:: Information ::

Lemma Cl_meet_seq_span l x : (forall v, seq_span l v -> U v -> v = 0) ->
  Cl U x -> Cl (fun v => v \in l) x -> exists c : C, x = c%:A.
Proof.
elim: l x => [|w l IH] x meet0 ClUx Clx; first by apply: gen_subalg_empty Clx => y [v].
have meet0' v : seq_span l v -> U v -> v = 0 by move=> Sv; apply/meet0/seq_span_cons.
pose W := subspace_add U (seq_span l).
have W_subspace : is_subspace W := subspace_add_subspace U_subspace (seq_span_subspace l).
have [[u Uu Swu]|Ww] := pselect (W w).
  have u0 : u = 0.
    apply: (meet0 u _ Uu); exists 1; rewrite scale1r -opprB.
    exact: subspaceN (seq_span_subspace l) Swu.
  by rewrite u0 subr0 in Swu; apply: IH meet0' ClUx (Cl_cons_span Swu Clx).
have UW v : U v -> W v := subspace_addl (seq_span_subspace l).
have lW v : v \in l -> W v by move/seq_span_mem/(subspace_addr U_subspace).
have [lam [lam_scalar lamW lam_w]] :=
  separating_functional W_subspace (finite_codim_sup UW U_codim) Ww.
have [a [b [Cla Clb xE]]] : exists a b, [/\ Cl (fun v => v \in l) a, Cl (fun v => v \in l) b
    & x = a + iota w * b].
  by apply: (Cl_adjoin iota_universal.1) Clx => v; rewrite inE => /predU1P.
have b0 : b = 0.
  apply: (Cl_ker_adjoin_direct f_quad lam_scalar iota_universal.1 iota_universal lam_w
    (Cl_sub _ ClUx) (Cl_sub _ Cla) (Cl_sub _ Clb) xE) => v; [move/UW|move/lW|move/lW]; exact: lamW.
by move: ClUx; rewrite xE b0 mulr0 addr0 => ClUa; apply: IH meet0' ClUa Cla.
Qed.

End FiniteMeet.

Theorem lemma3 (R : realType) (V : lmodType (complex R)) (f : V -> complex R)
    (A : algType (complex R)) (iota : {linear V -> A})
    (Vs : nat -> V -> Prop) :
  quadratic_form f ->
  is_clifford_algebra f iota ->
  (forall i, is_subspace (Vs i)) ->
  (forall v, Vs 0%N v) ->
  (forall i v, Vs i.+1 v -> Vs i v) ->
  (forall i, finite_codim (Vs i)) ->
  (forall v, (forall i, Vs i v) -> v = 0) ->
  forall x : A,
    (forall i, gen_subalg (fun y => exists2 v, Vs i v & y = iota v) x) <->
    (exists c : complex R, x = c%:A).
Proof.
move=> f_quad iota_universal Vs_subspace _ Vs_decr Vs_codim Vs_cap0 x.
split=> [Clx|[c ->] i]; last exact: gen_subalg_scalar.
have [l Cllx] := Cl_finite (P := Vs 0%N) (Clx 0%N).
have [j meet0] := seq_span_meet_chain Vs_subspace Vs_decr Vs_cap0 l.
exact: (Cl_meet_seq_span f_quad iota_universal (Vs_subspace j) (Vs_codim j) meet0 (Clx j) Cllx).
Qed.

:::

◆ **Task**:
Exactly the lines from the one with "(forall i, finite_codim (Vs i)) ->" through the last line of the listing above must make up your answer.

◆ **Your response**:
  (forall i, finite_codim (Vs i)) ->
  (forall v, (forall i, Vs i v) -> v = 0) ->
  forall x : A,
    (forall i, gen_subalg (fun y => exists2 v, Vs i v & y = iota v) x) <->
    (exists c : complex R, x = c%:A).
Proof.
move=> f_quad iota_universal Vs_subspace _ Vs_decr Vs_codim Vs_cap0 x.
split=> [Clx|[c ->] i]; last exact: gen_subalg_scalar.
have [l Cllx] := Cl_finite (P := Vs 0%N) (Clx 0%N).
have [j meet0] := seq_span_meet_chain Vs_subspace Vs_decr Vs_cap0 l.
exact: (Cl_meet_seq_span f_quad iota_universal (Vs_subspace j) (Vs_codim j) meet0 (Clx j) Cllx).
Qed.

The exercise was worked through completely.